Não precisa ficar dez minutos lendo tabelas intermináveis de regras do aspirador de pó de duas salas ou dissecando pseudocódigo linha por linha. Todo mundo entende a ideia de que guardar todas as combinações de ações numa tabela é impossível. O valor está no conceito, não no código do livro.

Também não espero que entrem em detalhes matemáticos pesados das funções de custo ou nas fórmulas de redes neurais do LeCun. Eu mesmo considerei aquilo como paisagem. Entender a intuição de que o agente precisa de um modelo do mundo para prever o futuro já é mais do que suficiente.

Apresentação 2: O labirinto dos estados e o muro da dimensionalidade

Se o primeiro grupo fala sobre quem decide, o segundo fala sobre como decidir quando você precisa encontrar um caminho. Entrar em busca em espaço de estados é basicamente transformar problemas do mundo real em labirintos ou grafos (e torcer para o computador não explodir a memória RAM no processo).

O que eu consegui pescar e vou prestar atenção

Aqui, o básico que até eu, que li correndo no fim de semana, percebo é a necessidade de abstração. Para encontrar uma rota entre duas cidades (como no clássico exemplo de Arad a Bucareste), a gente não coloca no grafo o modelo do carro, a música do rádio ou as poças d’água na pista. A gente abstrai a realidade em pontos (estados) e conexões (ações). Sem simplificar, o computador simplesmente morre abraçado à falta de memória antes mesmo de dar o primeiro passo.

Outro ponto que eu espero que fique nítido é a diferença entre o espaço de estados (o mapa completo e conceitual do problema) e a árvore de busca (os caminhos que o algoritmo realmente abre na memória para tentar achar a saída).

E aí vem o tema central: a maldição da dimensionalidade. Se a cada passo você tem várias opções e o objetivo está longe, o número de caminhos possíveis explode exponencialmente ($O(b^d)$). É por isso que buscas cegas (como olhar tudo em largura ou profundidade) não servem para problemas reais: a memória ou o tempo acabam muito rápido.

Para resolver isso, entram as heurísticas e a busca informada com o algoritmo A*, que usa a conhecida função:

f(n) = g(n) + h(n)

Onde g(n) é o custo do que você já andou e h(n) é o chute educado (heurística) do quanto falta para chegar.

O grupo só precisa explicar a ideia intuitiva: uma boa heurística funciona como uma bússola que nunca mente para cima (admissível/otimista), permitindo que o algoritmo corte caminhos inúteis sem perder a melhor rota.

Se sobrarem dois minutos e quiserem amarrar com o LeCun de novo, falar de como o ser humano planeja em múltiplos níveis (planejar a viagem em blocos grandes em vez de pensar em cada músculo da perna) fecha o tema com chave de ouro.

O que o grupo pode deixar de lado

Não faz sentido ficar desenhando o passo a passo de cada cidadezinha da Romênia abrindo na fila de nós, nem demonstrar provas formais de teoremas matemáticos de consistência. Entender por que a busca cega quebra e como a heurística guia o algoritmo já resolve a apresentação.

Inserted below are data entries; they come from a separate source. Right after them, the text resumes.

Lemma min_pos_dep_free T w (mu : 'I_n -> R) t0 :
  min_pos_dep T w -> t0 \in T -> mu t0 = 0 -> \sum_(t in T) mu t *: w t = 0 ->
  forall t, t \in T -> mu t = 0.
Proof.
move=> minT t0T mu_t0 mu_sum t tT; apply/eqP/negPn/negP => mu_t.
have [lam [lam_gt0 lam_sum]] := min_pos_dep_pos minT.
suff [ts tsT] : exists2 ts, ts \in T & pos_dep (T :\ ts) w.
  by apply: minT.2; apply: properD1.
have [mu_gt0|mu_le0] := ltP 0 (mu t).
  exact: pos_dep_reduce lam_gt0 lam_sum mu_sum t0T mu_t0 tT mu_gt0.
apply: (@pos_dep_reduce _ _ lam (fun t => - mu t) t0 t) => //.
- by under eq_bigr do rewrite scaleNr; rewrite sumrN mu_sum oppr0.
- by rewrite mu_t0 oppr0.
- by rewrite oppr_gt0 lt_neqAle mu_t.
Qed.

Lemma min_pos_dep_card T w t0 : min_pos_dep T w -> t0 \in T -> (#|T :\ t0| <= d)%N.
Proof.
move=> minT t0T; rewrite leqNgt; apply/negP.
move=> /(lin_dep w)[mu [mu_out [i iT mu_i] mu_sum]].
have mu_t0 : mu t0 = 0 by apply: mu_out; rewrite setD11.
have mu_sumT : \sum_(t in T) mu t *: w t = 0.
  by rewrite (big_setD1 t0 t0T) /= mu_t0 scale0r add0r.
case/setD1P: iT => _ iT; move/eqP: mu_i; apply.
exact: min_pos_dep_free minT t0T mu_t0 mu_sumT i iT.
Qed.

Lemma min_pos_dep_hits T w v : min_pos_dep T w -> v != 0 -> (hit_count T w v <= d)%N.
Proof.
move=> minT v_neq0; rewrite leqNgt; apply/negP => many.
set U := [set t in T | 0 <= dotv (w t) v] in many.
have UT : U \subset T by apply/subsetP => t; rewrite inE => /andP[].
have [t0 t0U] : exists t0, t0 \in U.
  by apply/set0Pn; rewrite -card_gt0 (leq_ltn_trans _ many).
have t0T := subsetP UT t0 t0U.
have UeT : U = T.
  apply/eqP; rewrite eqEcard UT (cardsD1 t0 T) t0T add1n.
  exact: leq_ltn_trans (min_pos_dep_card minT t0T) many.
have [lam [lam_gt0 lam_sum]] := min_pos_dep_pos minT.
have dot0 t : t \in T -> dotv (w t) v = 0.
  have term_ge0 s : s \in T -> 0 <= lam s * dotv (w s) v.
    rewrite -{1}UeT /U inE => /andP[sT dot_ge0].
    by rewrite mulr_ge0 // ltW ?lam_gt0.
  have sum0 : \sum_(s in T) lam s * dotv (w s) v = 0.
    by rewrite -dotv_suml lam_sum dotv0l.
  move=> tT; have /eqP := psumr_eq0P term_ge0 sum0 tT.
  by rewrite mulf_eq0 gt_eqF ?lam_gt0 //= => /eqP.
pose x t := if t == t0 then v else w t.
have /(lin_dep x)[mu [_ [i iT mu_i] mu_sum]] : (d < #|T|)%N by rewrite -UeT.
have mu_t0 : mu t0 = 0.
  have := congr1 (fun z => dotv z v) mu_sum; rewrite /= dotv_suml dotv0l.
  rewrite (big_setD1 t0 t0T) /= /x eqxx big1 ?addr0; last first.
    by move=> t /setD1P[/negbTE -> tT]; rewrite dot0 ?mulr0.
  by move/eqP; rewrite mulf_eq0 (gt_eqF (dotv_gt0 v_neq0)) orbF => /eqP.
have mu_sumw : \sum_(t in T) mu t *: w t = 0.
  rewrite -[RHS]mu_sum; apply: eq_bigr => t _; rewrite /x.
  by case: eqP => // ->; rewrite mu_t0 !scale0r.
move/eqP: mu_i; apply; exact: min_pos_dep_free minT t0T mu_t0 mu_sumw i iT.
Qed.

Lemma hit_count_split S S' w v :
  (hit_count S w v <= hit_count (S :\: S') w v + hit_count S' w v)%N.
Proof.
rewrite /hit_count; apply: leq_trans (leq_card_setU _ _).
by apply/subset_leq_card/subsetP => i; rewrite !inE => /andP[-> ->]; rewrite !andbT orNb.
Qed.

(* Each step removes a minimal
   positive dependence, which costs every half-space at most d members. *)
Lemma greedy_partition (hd : (0 < d)%N) w r P :
  (forall v, v != 0 -> (r * d < hit_count P w v)%N) ->
  exists g : 'I_n -> 'I_r.+1, forall j v, v != 0 ->
    (0 < hit_count (P :&: [set i | g i == j]) w v)%N.
Proof.
elim: r P => [|r IH] P deep.
  exists (fun=> ord0) => j v /deep; rewrite (ord1 j).
  by rewrite (_ : [set _ | _] = setT) ?setIT //; apply/setP => i; rewrite !inE.
have depP : pos_dep P w by apply: hit_pos_dep => // v /deep; apply: leq_ltn_trans.
have [T TP minT] := min_pos_dep_exists depP.
have [g rest_hit] : exists g : 'I_n -> 'I_r.+1, forall j v, v != 0 ->
    (0 < hit_count ((P :\: T) :&: [set i | g i == j]) w v)%N.
  apply: IH => v v_neq0; have := deep v v_neq0; rewrite mulSn.
  have := hit_count_split P T w v; have := min_pos_dep_hits minT v_neq0; lia.
exists (fun i => if i \in T then ord_max else widen_ord (leqnSn _) (g i)) => j v v_neq0.
have [->|j_neq] := eqVneq j ord_max.
  apply: leq_trans (pos_dep_hit v minT.1) (hit_count_sub _ _ _).
  by apply/subsetP => i iT; rewrite !inE iT eqxx (subsetP TP).
have j_lt : (j < r.+1)%N by rewrite ltn_neqAle -ltnS ltn_ord andbT -val_eqE in j_neq *.
apply: leq_trans (rest_hit (Ordinal j_lt) v v_neq0) (hit_count_sub _ _ _).
apply/subsetP => i; rewrite !inE => /andP[/andP[iT ->] /eqP gi] /=.
by rewrite (negbTE iT) -val_eqE /= gi.
Qed.

End PositiveDependence.

Section Depth.
Variables (R : realType) (d n : nat) (A : 'I_n -> hyperplane R d) (q : 'rV[R]_d).
Implicit Types (P : {set 'I_n}) (v : 'rV[R]_d).

Lemma ray_count_hit_count P v :
  ray_count A P q v = hit_count P (fun i => hp_normal (A i) q) v.
Proof.
apply: eq_card => i; rewrite !inE; congr andb.
by apply/asboolP/idP => /ray_hitsE.
Qed.

Lemma RD_le_n P : (RD A P q <= n)%N.
Proof. exact: (bigmin_le_id _ n _ (@nat_of_ord n.+1)). Qed.

Lemma RD_le_ray_count P v : v != 0 -> (RD A P q <= ray_count A P q v)%N.
Proof.
move=> v_neq0; have count_lt : (ray_count A P q v < n.+1)%N.
  by rewrite ltnS (leq_trans (max_card _)) ?card_ord.
apply: (bigmin_le_cond _ (@nat_of_ord n.+1) (j := Ordinal count_lt)).
by apply/asboolP; exists v.
Qed.

Lemma RD_ge1 P : (0 < n)%N -> (forall v, v != 0 -> (0 < ray_count A P q v)%N) ->
  (1 <= RD A P q)%N.
Proof.
move=> n_gt0 hit; apply: (@le_bigmin _ _ _ _ (@nat_of_ord n.+1)) => // k.
by case/asboolP => v [v_neq0 <-]; apply: hit.
Qed.

Lemma HTvD_ge r (f : 'I_n -> 'I_r) : (r <= n)%N ->
  (forall j, 1 <= RD A [set i | f i == j] q)%N -> (r <= HTvD A q)%N.
Proof.
rewrite -ltnS => r_lt deep; apply: (@leq_bigmax_cond _ _ _ (Ordinal r_lt)).
by apply/asboolP; exists f.
Qed.

End Depth.

Theorem lemma3p4 (R : realType) (d : nat) (hd : (0 < d)%N) (n : nat)
  (A : 'I_n -> hyperplane R d)
  (hA : forall i, (A i).1 != 0)
  (hdist : forall i j, i != j ->
     exists x : 'rV[R]_d, ~ (on_hp (A i) x <-> on_hp (A j) x))
  (q : 'rV[R]_d) :
  (RD A [set: 'I_n] q)%:R / d%:R <= (HTvD A q)%:R :> R.
Proof.
set k := RD A [set: 'I_n] q.
have [->|k_gt0] := posnP k; first by rewrite mul0r ler0n.
pose w i := hp_normal (A i) q; pose r := (k.-1 %/ d)%N.
have deep v : v != 0 -> (r * d < hit_count [set: 'I_n] w v)%N.
  move=> v_neq0; rewrite -ray_count_hit_count.
  by apply: leq_ltn_trans (leq_divM k.-1 d) _; rewrite prednK // RD_le_ray_count.
have [g part_hit] := greedy_partition hd deep.
have k_le : (k <= r.+1 * d)%N by have := ltn_ceil k.-1 hd; rewrite prednK.
have r_lt_k : (r < k)%N.
  by have := leq_divM k.-1 d; have := leq_pmulr r hd; rewrite -/r; lia.
have r_HTvD : (r.+1 <= HTvD A q)%N.
  have r_le_n : (r.+1 <= n)%N := leq_trans r_lt_k (RD_le_n _ _ _).
  apply: (HTvD_ge (f := g) r_le_n) => j; apply: RD_ge1 => [|v v_neq0]; first by lia.
  by rewrite ray_count_hit_count -[[set i | g i == j]]setTI; apply: part_hit.
rewrite ler_pdivrMr ?ltr0n // -natrM ler_nat (leq_trans k_le) //.
by rewrite leq_mul2r r_HTvD orbT.
Qed.
Lemma no_shared_recurrent (K : {set 'I_m}) (i i' : 'I_m) z :
  connect (dpa_edge D setT) (dinit D) z -> i != i' -> i \notin K -> i' \notin K ->
  recurrent (dpa_edge D (avoiding K :\ inl i)) z ->
  recurrent (dpa_edge D (avoiding K :\ inl i')) z -> False.
Proof.
move=> reach_z neq_ii' Ki Ki' rec_i rec_i'.
have [p _ read_p] := connect_dpa_read reach_z.
have [l1 l1E read_l1] := recurrent_dpa_loop rec_i.
have [l2 l2E read_l2] := recurrent_dpa_loop rec_i'.
have l1_neq0 : 0 < size l1.
  have : inr i \in l1 by rewrite l1E !inE Ki.
  by case: (l1).
have l2_neq0 : 0 < size l2.
  have : inr i' \in l2 by rewrite l2E !inE Ki'.
  by case: (l2).
have accept_loop k l : l =i avoiding K :\ inl k -> k \notin K -> 0 < size l ->
    dpa_accepts D (upword (inl i) p l).
  move=> lE Kk l_neq0; apply/D_correct/witness_ldba_accepts_upword => //.
  by exists k; rewrite !lE !inE Kk eqxx.
have := dpa_accepts_upword_cat read_p read_l1 read_l2 l1_neq0 l2_neq0
  (accept_loop _ _ l1E Ki l1_neq0) (accept_loop _ _ l2E Ki' l2_neq0).
move/D_correct/witness_ldba_accepts_upword => -[|j []].
  by rewrite size_cat addn_gt0 l1_neq0.
rewrite !mem_cat !l1E !l2E !inE /= orbb => Kj.
rewrite Kj !andbT negb_or !negbK => /andP [/eqP -> /eqP [ii']].
by rewrite ii' eqxx in neq_ii'.
Qed.

Lemma fact_le_card_reach (K : {set 'I_m}) q : connect (dpa_edge D setT) (dinit D) q ->
  #|~: K|`! <= #|[set z | connect (dpa_edge D (avoiding K)) q z]|.
Proof.
move eK: #|~: K| => r; elim: r K eK q => [|r IHr] K eK q reach_q.
  by apply/card_gt0P; exists q; rewrite inE connect0.
pose B i := avoiding K :\ inl i.
pose x i := odflt q [pick x | connect (dpa_edge D (B i)) q x && recurrent (dpa_edge D (B i)) x].
have x_spec i : connect (dpa_edge D (B i)) q (x i) && recurrent (dpa_edge D (B i)) (x i).
  rewrite /x; case: pickP => // none.
  by have [y] := exists_recurrent (dpa_edge D (B i)) q; rewrite none.
pose Z i := [set z | connect (dpa_edge D (avoiding (i |: K))) (x i) z].
have Z_rec i z : z \in Z i ->
    connect (dpa_edge D (B i)) q z /\ recurrent (dpa_edge D (B i)) z.
  rewrite inE => /(connect_dpa_edge_sub (avoiding_setU1 K i)) xz.
  have /andP [qx rec_x] := x_spec i.
  by split; [apply: connect_trans qx xz | apply: recurrent_connect rec_x xz].
have reach_all i z : connect (dpa_edge D (B i)) q z -> connect (dpa_edge D setT) (dinit D) z.
  by move=> /(connect_dpa_edge_sub (subsetT _)); apply: connect_trans reach_q.
apply: leq_trans (leq_sum_card_disjoint (J := ~: K) (F := Z) _ _); first last.
- move=> i j Ki Kj ij; rewrite -setI_eq0; apply/eqP/setP => z; rewrite in_setI in_set0.
  apply/negP => /andP [/Z_rec [qz rec_i] /Z_rec [_ rec_j]].
  rewrite !inE in Ki Kj.
  exact: no_shared_recurrent (reach_all _ _ qz) ij Ki Kj rec_i rec_j.
- move=> i _; apply/subsetP => z /Z_rec [qz _]; rewrite inE.
  exact: connect_dpa_edge_sub (subsetDl _ _) qz.
rewrite factS -eK -sum_nat_const; apply: leq_sum => i Ki.
have /andP [qx _] := x_spec i; apply: IHr; last exact: reach_all qx.
by rewrite setCU setIC -setDE; move: eK; rewrite (cardsD1 i) Ki => -[].
Qed.

Lemma fact_le_card_dpa : m`! <= #|dstate D|.
Proof.
have := fact_le_card_reach set0 (connect0 _ (dinit D)).
by rewrite setC0 cardsT card_ord => /leq_trans; apply; apply: max_card.
Qed.

End LowerBound.

Lemma exp_le_fact_sqr n : n ^ n <= n`! ^ 2.
Proof.
(* Pair the factor i + 1 of n! with the factor n - i of n!: their product is >= n. *)
have fact_rev : \prod_(i < n) (n - i) = n`!.
  rewrite fact_prod big_add1 big_mkord (reindex_inj rev_ord_inj) /=.
  by apply: eq_bigr => i _; rewrite subKn.
rewrite expnS expn1 {1}fact_prod big_add1 big_mkord -{1}fact_rev -big_split /=.
rewrite -[in n ^ n](card_ord n) -prod_nat_const.
by rewrite card_ord; apply: leq_prod => i _; have := ltn_ord i; nia.
Qed.

Lemma leq_fact n : 3 <= n -> n.+1 <= n`!.
Proof.
elim: n => // n IHn; rewrite leq_eqVlt => /predU1P [<- // | lt3n].
by rewrite factS (leq_trans _ (leq_mul (leqnn n.+1) (IHn lt3n))) //; nia.
Qed.

Lemma exp_le_fact4 n : 3 <= n -> n.+1 ^ n.+1 <= n`! ^ 4.
Proof.
move=> le3n; apply: leq_trans (exp_le_fact_sqr n.+1) _.
rewrite factS expnMn (_ : 4 = 2 + 2) // expnD leq_mul2r.
by rewrite leq_exp2r ?leq_fact ?orbT.
Qed.

Theorem mainTheorem6 (T : translation) (HT : correct_translation T) :
  exists k : nat, 0 < k /\
  exists N : nat, forall n : nat, N <= n ->
    exists (Sigma : finType) (A : LDBA Sigma),
      #|lstate A| = n /\ n ^ n <= #|dstate (T Sigma A)| ^ k.
Proof.
exists 4; split => //; exists 4 => -[|m] // le3m.
exists (letter m), (witness_ldba m); split; first exact: card_witness_ldba.
apply: leq_trans (exp_le_fact4 le3m) _; rewrite leq_exp2r //.
exact: fact_le_card_dpa (HT (letter m) (witness_ldba m)).
Qed.
Lemma iter_add_nilpotent {T : zmodType} {A B C : T -> T} :
  {morph A : x y / x + y} -> {morph B : x y / x + y} ->
  (forall x, A (B x) = B (A x)) -> (forall x, B (B x) = 0) ->
  (forall x, C x = A x + B x) ->
  forall j x, iter j C x = iter j A x + iter j.-1 A (B x) *+ j.
Proof.
move=> AD BD AB BB CE; elim=> [|j IHj] x /=; first by rewrite mulr0n addr0.
rewrite IHj CE AD BD (morphDMn AD) (morphDMn BD) -!(iter_commute AB) BB.
rewrite (iter_morphD0 AD) mul0rn addr0.
case: j {IHj} => [|j] /=; first by rewrite !mulr0n !addr0 mulr1n.
by rewrite -addrA -mulrSr.
Qed.

Lemma iter_commutator {T : zmodType} {C D H : T -> T} :
  {morph C : x y / x + y} ->
  (forall x, D (C x) = C (D x) + H x) -> (forall x, C (H x) = H (C x)) ->
  forall j x, D (iter j C x) = iter j C (D x) + iter j.-1 C (H x) *+ j.
Proof.
move=> CD DC CH; elim=> [|j IHj] x /=; first by rewrite mulr0n addr0.
rewrite DC IHj CD (morphDMn CD) -(iter_commute CH).
case: j {IHj} => [|j] /=; first by rewrite mulr0n addr0 mulr1n.
by rewrite -addrA -mulrSr.
Qed.

Section Derivation.
Context {R : comRingType} {D : R -> R}.
Hypotheses (DD : {morph D : p q / p + q})
  (DM : forall p q, D (p * q) = D p * q + p * D q).

Lemma derivation1 : D 1 = 0.
Proof.
have := DM 1 1; rewrite !mul1r mulr1 => D1E.
by apply: (@addrI _ (D 1)); rewrite addr0 -D1E.
Qed.

Lemma derivationX p n : D (p ^+ n.+1) = (p ^+ n * D p) *+ n.+1.
Proof.
elim: n => [|n IHn]; first by rewrite expr0 mul1r expr1.
by rewrite exprS DM IHn mulrnAr mulrA -exprS [D p * _]mulrC [RHS]mulrS.
Qed.

Lemma iter_derivationM_eq0 a b p q :
  iter a.+1 D p = 0 -> iter b.+1 D q = 0 -> iter (a + b).+1 D (p * q) = 0.
Proof.
have [n] := ubnP (a + b); elim: n a b p q => [|n IHn] a b p q //.
move=> lt_ab_n Dp0 Dq0; rewrite iterSr DM (iter_morphD DD).
have -> : iter (a + b) D (D p * q) = 0.
  case: a lt_ab_n Dp0 => [/= _ ->|a lt_ab_n Dp0]; first by rewrite mul0r (iter_morphD0 DD).
  by rewrite addSn; apply: IHn; rewrite -?iterSr //; lia.
case: b lt_ab_n Dq0 => [/= _ ->|b lt_ab_n Dq0].
  by rewrite mulr0 (iter_morphD0 DD) addr0.
by rewrite add0r addnS; apply: IHn; rewrite -?iterSr //; lia.
Qed.

End Derivation.

Record mderivation (K : comRingType) (n : nat) (D : {mpoly K[n]} -> {mpoly K[n]}) :
  Prop := {
  mderivationD : {morph D : p q / p + q};
  mderivationCM : forall c p, D (c%:MP * p) = c%:MP * D p;
  mderivationM : forall p q, D (p * q) = D p * q + p * D q }.
Arguments mderivation {K n}.
Arguments mderivationD {K n D}.
Arguments mderivationCM {K n D}.
Arguments mderivationM {K n D}.

Section MDerivation.
Context {K : comRingType} {n : nat} {D : {mpoly K[n]} -> {mpoly K[n]}}.
Hypothesis hD : mderivation D.
(* n < n_* (n_* = min {n | finds y T n}) iff no m <= n finds T. *)
Definition before_hit (y : int -> R) (T : R) (n : int) : Prop :=
  forall m : int, (m <= n)%R -> ~ finds y T m.

Definition det_cost (y : int -> R) (T : R) : \bar R :=
  (`|T|%:E + 2%:E * \esum_(n in [set n : int | before_hit y T n]) (`|y n|)%:E)%E.

(* Strategy driven by G_+, G_- with U = u :
   ... -> +G_+(n+u) -> -G_-(n+u) -> +G_+(n+1+u) -> ...
   index 2n |-> +G_+(n+u), index 2n+1 |-> -G_-(n+u). *)
Definition driven_seq (Gp Gm : R -> R) (u : R) (k : int) : R :=
  if (k %% 2)%Z == 0 then Gp ((k %/ 2)%Z%:~R + u)
  else - Gm ((k %/ 2)%Z%:~R + u).

Definition driven_cost (Gp Gm : R -> R) (T : R) : \bar R :=
  (\int[@lebesgue_measure R]_(u in `]0%R, 1%R]) det_cost (driven_seq Gp Gm u) T)%E.

Definition robust (cost : R -> \bar R) (rho : R) : Prop :=
  forall T : R, T != 0 -> (cost T <= (rho * `|T|)%:E)%E.

Definition consistent (cost : R -> \bar R) (chi : R) : Prop :=
  (cost 1%R <= chi%:E)%E.

Definition Cplus (Gp Gm : R -> R) (x : R) : \bar R :=
  (\int[@lebesgue_measure R]_(t in `]-oo, x%R]) (Gp t)%:E
   + \int[@lebesgue_measure R]_(t in `]-oo, x%R]) (Gm t)%:E)%E.

Definition Cminus (Gp Gm : R -> R) (x : R) : \bar R :=
  (\int[@lebesgue_measure R]_(t in `]-oo, (x + 1)%R]) (Gp t)%:E
   + \int[@lebesgue_measure R]_(t in `]-oo, x%R]) (Gm t)%:E)%E.

Definition left_continuous (G : R -> R) : Prop :=
  forall x : R, G t @[t --> x^'-] --> G x.

Definition excursion_profile (rho chi : R) (Gp Gm : R -> R) : Prop :=
  ({homo Gp : x y / x <= y} /\ {homo Gm : x y / x <= y}) /\
  (left_continuous Gp /\ left_continuous Gm) /\
  ((forall x, 0 < Gp x) /\ (forall x, 0 < Gm x)) /\
  ((forall x, 0 < x -> 1 <= Gp x) /\ (forall x, x < 0 -> Gp x < 1)) /\
  (forall x, (Cplus Gp Gm x <= (rho * Gp x)%:E)%E /\
             (Cminus Gp Gm x <= (rho * Gm x)%:E)%E) /\
  (Cplus Gp Gm 0%R <= chi%:E)%E.

End LinearSearch.

(* Before the target is found, every excursion on the side of T is
   shorter than |T|; since G+ (for T > 0) or G- (for T < 0) is nondecreasing, its position
   n + u lies below a := sup {x | G x < |T|}, and G a <= |T| by left-continuity.  The
   excursions to the other side alternate with these, so they stay below a as well (below
   a + 1 for the G+ excursions when T < 0).  Averaging over u ~ Unif(0,1] turns the sum
   over the lattice (u + Z) /\ (-oo, a] into the integral over (-oo, a], so the expected
   cost is at most |T| + 2 C+(a) (resp. |T| + 2 C-(a)), which robustness of the profile
   bounds by |T| + 2 rho G(a) <= (1 + 2 rho) |T|.  For T = 1 the plus-offset gives a = 0,
   and consistency gives 1 + 2 chi. *)

From mathcomp Require Import all_boot all_order all_algebra.
From mathcomp Require Import all_classical all_reals all_analysis.
From mathcomp Require Import measurable_realfun ring lra zify.
Set Implicit Arguments. Unset Strict Implicit. Unset Printing Implicit Defensive.
Import Order.TTheory GRing.Theory Num.Theory.
Import numFieldNormedType.Exports.
Local Open Scope classical_set_scope.
Local Open Scope ring_scope.

Section ge0_le_integral_nonmeasurable.
Context d (T : measurableType d) (R : realType) (mu : {measure set T -> \bar R}).

Lemma ge0_le_integral_nonmeasurable (D : set T) (f g : T -> \bar R) :
  (forall x, D x -> (0 <= f x)%E) -> (forall x, D x -> (f x <= g x)%E) ->
  (\int[mu]_(x in D) f x <= \int[mu]_(x in D) g x)%E.
Proof.
move=> f0 fg.
have g0 x : D x -> (0 <= g x)%E by move=> Dx; exact: le_trans (f0 x Dx) (fg x Dx).
rewrite !ge0_integralE//; apply: le_ereal_sup => _ [h /= hf <-]; exists h => //= x.
apply: le_trans (hf x) _; rewrite /patch; case: ifPn => // /[!inE] Dx; exact: fg.
Qed.

End ge0_le_integral_nonmeasurable.

Local Notation cut G a := ((fun x => (G x)%:E) \_ `]-oo, a]).

Section lattice_sums.
Variable R : realType.
Local Notation mu := (@lebesgue_measure R).

Lemma measurable_addr (c : R) :
  measurable_fun [set: measurableTypeR R]
    ((fun u => u + c) : measurableTypeR R -> measurableTypeR R).
Proof. by apply: measurable_funD => //; exact: measurable_id. Qed.

Lemma ge0_integral_translate (h : R -> \bar R) (a b c : R) :
  measurable_fun [set: R] h -> (forall x, (0 <= h x)%E) ->
  (\int[mu]_(u in `]a, b]) h (u + c)%R = \int[mu]_(x in `](a + c)%R, (b + c)%R]) h x)%E.
Proof.
move=> mh h0.
have preimage_itv (a' b' : R) :
    (fun u => u + c) @^-1` `]a', b']%classic = `](a' - c), (b' - c)]%classic :> set R.
  by apply/seteqP; split => x /=; rewrite !in_itv/= => /andP[? ?]; apply/andP; split; lra.
have := ge0_integral_pushforward (measurable_addr c) mu (measurable_itv `](a + c), (b + c)])
  (measurable_funS measurableT (@subsetT _ _) mh) (fun y _ => h0 y).
rewrite preimage_itv !addrK => <-.
apply: eq_measure_integral => [|? A mA _]; first exact: measurable_addr.
apply/esym/lebesgue_measure_unique => // _ [[a' b'] _ <-] /=.
rewrite /pushforward preimage_itv !lebesgue_measure_itv/= !lte_fin ltrBrDr subrK.
by case: ifPn => // _; congr (_%:E); lra.
Qed.

Lemma measurable_comp_addr (h : R -> \bar R) (c : R) (D : set R) :
  measurable_fun [set: R] h -> measurable_fun D (fun u => h (u + c)).
Proof.
move=> mh; apply: measurable_funS (@subsetT _ _) _ => //.
exact: measurableT_comp mh (measurable_addr c).
Qed.

Definition lattice_sum_below (h : R -> \bar R) (M u : R) : \bar R :=
  (\sum_(j <oo) h (u + (M - j.+1%:R))%R)%E.

Lemma bigcup_unit_itv_below (M : R) :
  \bigcup_j `](M - j.+1%:R), (M - j%:R)]%classic = `]-oo, M]%classic :> set R.
Proof.
apply/seteqP; split => x /=.
  by move=> [j _]; rewrite /= !in_itv/= => /andP[_ xj]; have := ler0n R j; lra.
rewrite in_itv/= => xM; have /andP[] := truncn_itv (ltac:(lra) : 0 <= M - x).
by exists (Num.trunc (M - x)) => //=; rewrite in_itv/= -natr1; apply/andP; split; lra.
Qed.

Variações super avançadas de controle de memória (como SMA* ou bancos de dados de padrões disjuntos) também podem ficar de fora. Nem eu entendi isso direito. Saber que a memória é o maior gargalo do A* clássico já cobre o essencial.

O filtro dos vinte minutos: saber o que cortar

A maior armadilha de uma apresentação de vinte minutos é o desespero de querer falar absolutamente tudo o que está no texto. Quando o tempo é curto, tentar cobrir cada parágrafo faz a apresentação virar uma leitura corrida de texto sem qualquer profundidade.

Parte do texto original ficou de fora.